» **EXCERPTED DATA**
Lemma K2_bound_of_le (x y : R) : 0 < x <= 1 -> 0 < y <= 1 -> x <= y ->
  Rabs (K2 x y) <= (1/4 + / (36 * sqrt 3)) * (x / y).
Proof.
  intros Hx Hy Hxy. apply Rle_plus_epsilon. intros eps Heps.
  destruct (eventually_cutoff_le y (3 * eps) (proj1 Hy) ltac:(lra)) as [N HN].
  destruct (HN N (le_n N)) as [HNy Hcut].
  pose proof (K2_cutoff_bound x y N Hx (proj1 Hy) HNy) as HK.
  pose proof (tail_partial_sum_bound x y N Hy) as HT.
  rewrite <- bern3_sup_div3. pose proof bern3_sup_pos.
  assert (E1 : x / (2 * y^2) * Rabs (sum_n (tail_term x y) N) <= x / 12 + x / (12 * y)).
  { apply Rle_trans with (x / (2 * y^2) * ((y + y^2) / 6)).
    - apply Rmult_le_compat_l; [apply Rlt_le, Rdiv_lt_0_compat; nra | exact HT].
    - right. field. lra. }
  assert (E2 : x / 12 <= x / (12 * y)) by (apply Rdiv_le_cross; nra).
  assert (E3 : x^2 * bern3_sup / (3 * y) <= bern3_sup / 3 * (x / y)).
  { replace (x^2 * bern3_sup / (3 * y)) with (x * (bern3_sup / 3 * (x / y))) by (field; lra).
    assert (0 <= bern3_sup / 3 * (x / y))
      by (apply Rmult_le_pos; [lra | apply Rlt_le, Rdiv_lt_0_compat; lra]).
    nra. }
  assert (E4 : x / (12 * y) = 1/12 * (x / y)) by (field; lra).
  lra.
Qed.

Lemma K2_sym (x y : R) : K2 x y = K2 y x.
Proof.
  unfold K2. apply RInt_ext. intros z _. rewrite (K_sym x z), (K_sym z y). apply Rmult_comm.
Qed.

Lemma K2_ratio_bound (x y : R) : 0 < x <= 1 -> 0 < y <= 1 ->
  Rabs (K2 x y) <= (1/4 + / (36 * sqrt 3)) * (Rmin x y / Rmax x y).
Proof.
  intros Hx Hy. destruct (Rle_dec x y) as [h | h].
  - rewrite Rmin_left, Rmax_right by lra. apply K2_bound_of_le; assumption.
  - rewrite Rmin_right, Rmax_left, K2_sym by lra. apply K2_bound_of_le; lra.
Qed.

Lemma K2_diag_bound (x : R) : 0 < x <= 1 -> Rabs (K2 x x - 1/12) <= (1/6 + / (36 * sqrt 3)) * x.
Proof.
  intros Hx.
  destruct (eventually_cutoff_le x (x / 3) (proj1 Hx) ltac:(lra)) as [N HN].
  destruct (HN N (le_n N)) as [HNx Hcut].
  pose proof (cutoff_range x N (proj1 Hx) HNx) as Hd. set (d := cutoff x N) in *.
  destruct (RInt_bern2_frac_inv x d (proj1 Hx) Hd) as [Hex HP].
  (* on the diagonal [K(x,z)^2 = (1/2 - t)^2 = bern2 t + 1/12] *)
  assert (Htail : RInt (fun z => K x z * K z x) d 1
                  = (1 - d) * (1/12) + 1 * RInt (fun z => bern2 (frac (/ (x * z)))) d 1).
  { apply is_RInt_unique.
    refine (is_RInt_ext _ _ _ _ _ _
              (is_RInt_add_scal _ _ _ _ _ _ 1 (is_RInt_const d 1 (1/12)) (RInt_correct _ _ _ Hex))).
    rewrite Rmin_left, Rmax_right by lra. intros z Hz. rewrite (K_sym z x), K_pos by lra.
    unfold bern2. simpl. field. }
  rewrite (K2_split x x N) by lra. fold d. rewrite Htail.
  pose proof (RInt_KK_initial_bound x x d (proj1 Hx) (proj1 Hx) Hd) as H0.
  pose proof bern3_sup_pos. pose proof one_lt_sqrt3.
  assert (bern3_sup <= 1/6).
  { unfold bern3_sup. replace (1/6) with (/ 6) by field. apply Rinv_le_contravar; lra. }
  rewrite <- bern3_sup_div3.
  apply Rabs_le_between in H0, HP. apply Rabs_le. nra.
Qed.

Theorem lemma2p4 :
  forall x y : R, 0 < x <= 1 -> 0 < y <= 1 ->
    Rabs (K2 x y) / x
      <= 1/12 + x / ((36 * sqrt 3) * y) + / (2 * y^2) * Rabs (tail_sum x y)
    /\ Rabs (K2 x y) <= (1/4 + / (36 * sqrt 3)) * (Rmin x y / Rmax x y)
    /\ Rabs (K2 x x - 1/12) <= (1/6 + / (36 * sqrt 3)) * x.
Proof.
  intros x y Hx Hy.
  split; [| split].
  - exact (K2_div_bound x y Hx Hy).
  - exact (K2_ratio_bound x y Hx Hy).
  - exact (K2_diag_bound x Hx).
Qed.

» **TASK REQUIREMENTS**
Reproduce the data above in full. Leave nothing out.

» **RESPONSE TO THE TASK**
Lemma K2_bound_of_le (x y : R) : 0 < x <= 1 -> 0 < y <= 1 -> x <= y ->
  Rabs (K2 x y) <= (1/4 + / (36 * sqrt 3)) * (x / y).
Proof.
  intros Hx Hy Hxy. apply Rle_plus_epsilon. intros eps Heps.
  destruct (eventually_cutoff_le y (3 * eps) (proj1 Hy) ltac:(lra)) as [N HN].
  destruct (HN N (le_n N)) as [HNy Hcut].
  pose proof (K2_cutoff_bound x y N Hx (proj1 Hy) HNy) as HK.
  pose proof (tail_partial_sum_bound x y N Hy) as HT.
  rewrite <- bern3_sup_div3. pose proof bern3_sup_pos.
  assert (E1 : x / (2 * y^2) * Rabs (sum_n (tail_term x y) N) <= x / 12 + x / (12 * y)).
  { apply Rle_trans with (x / (2 * y^2) * ((y + y^2) / 6)).
    - apply Rmult_le_compat_l; [apply Rlt_le, Rdiv_lt_0_compat; nra | exact HT].
    - right. field. lra. }
  assert (E2 : x / 12 <= x / (12 * y)) by (apply Rdiv_le_cross; nra).
  assert (E3 : x^2 * bern3_sup / (3 * y) <= bern3_sup / 3 * (x / y)).
  { replace (x^2 * bern3_sup / (3 * y)) with (x * (bern3_sup / 3 * (x / y))) by (field; lra).
    assert (0 <= bern3_sup / 3 * (x / y))
      by (apply Rmult_le_pos; [lra | apply Rlt_le, Rdiv_lt_0_compat; lra]).
    nra. }
  assert (E4 : x / (12 * y) = 1/12 * (x / y)) by (field; lra).
  lra.
Qed.

Lemma K2_sym (x y : R) : K2 x y = K2 y x.
Proof.
  unfold K2. apply RInt_ext. intros z _. rewrite (K_sym x z), (K_sym z y). apply Rmult_comm.
Qed.

Lemma K2_ratio_bound (x y : R) : 0 < x <= 1 -> 0 < y <= 1 ->
  Rabs (K2 x y) <= (1/4 + / (36 * sqrt 3)) * (Rmin x y / Rmax x y).
Proof.
  intros Hx Hy. destruct (Rle_dec x y) as [h | h].
  - rewrite Rmin_left, Rmax_right by lra. apply K2_bound_of_le; assumption.
  - rewrite Rmin_right, Rmax_left, K2_sym by lra. apply K2_bound_of_le; lra.
Qed.

Lemma K2_diag_bound (x : R) : 0 < x <= 1 -> Rabs (K2 x x - 1/12) <= (1/6 + / (36 * sqrt 3)) * x.
Proof.
  intros Hx.
  destruct (eventually_cutoff_le x (x / 3) (proj1 Hx) ltac:(lra)) as [N HN].
  destruct (HN N (le_n N)) as [HNx Hcut].
  pose proof (cutoff_range x N (proj1 Hx) HNx) as Hd. set (d := cutoff x N) in *.
  destruct (RInt_bern2_frac_inv x d (proj1 Hx) Hd) as [Hex HP].
  (* on the diagonal [K(x,z)^2 = (1/2 - t)^2 = bern2 t + 1/12] *)
  assert (Htail : RInt (fun z => K x z * K z x) d 1
                  = (1 - d) * (1/12) + 1 * RInt (fun z => bern2 (frac (/ (x * z)))) d 1).
  { apply is_RInt_unique.
    refine (is_RInt_ext _ _ _ _ _ _
              (is_RInt_add_scal _ _ _ _ _ _ 1 (is_RInt_const d 1 (1/12)) (RInt_correct _ _ _ Hex))).
    rewrite Rmin_left, Rmax_right by lra. intros z Hz. rewrite (K_sym z x), K_pos by lra.
    unfold bern2. simpl. field. }
  rewrite (K2_split x x N) by lra. fold d. rewrite Htail.
  pose proof (RInt_KK_initial_bound x x d (proj1 Hx) (proj1 Hx) Hd) as H0.
  pose proof bern3_sup_pos. pose proof one_lt_sqrt3.
  assert (bern3_sup <= 1/6).
  { unfold bern3_sup. replace (1/6) with (/ 6) by field. apply Rinv_le_contravar; lra. }
  rewrite <- bern3_sup_div3.
  apply Rabs_le_between in H0, HP. apply Rabs_le. nra.
Qed.

Theorem lemma2p4 :
  forall x y : R, 0 < x <= 1 -> 0 < y <= 1 ->
    Rabs (K2 x y) / x
      <= 1/12 + x / ((36 * sqrt 3) * y) + / (2 * y^2) * Rabs (tail_sum x y)
    /\ Rabs (K2 x y) <= (1/4 + / (36 * sqrt 3)) * (Rmin x y / Rmax x y)
    /\ Rabs (K2 x x - 1/12) <= (1/6 + / (36 * sqrt 3)) * x.
Proof.
  intros x y Hx Hy.
  split; [| split].
  - exact (K2_div_bound x y Hx Hy).
  - exact (K2_ratio_bound x y Hx Hy).
  - exact (K2_diag_bound x Hx).
Qed.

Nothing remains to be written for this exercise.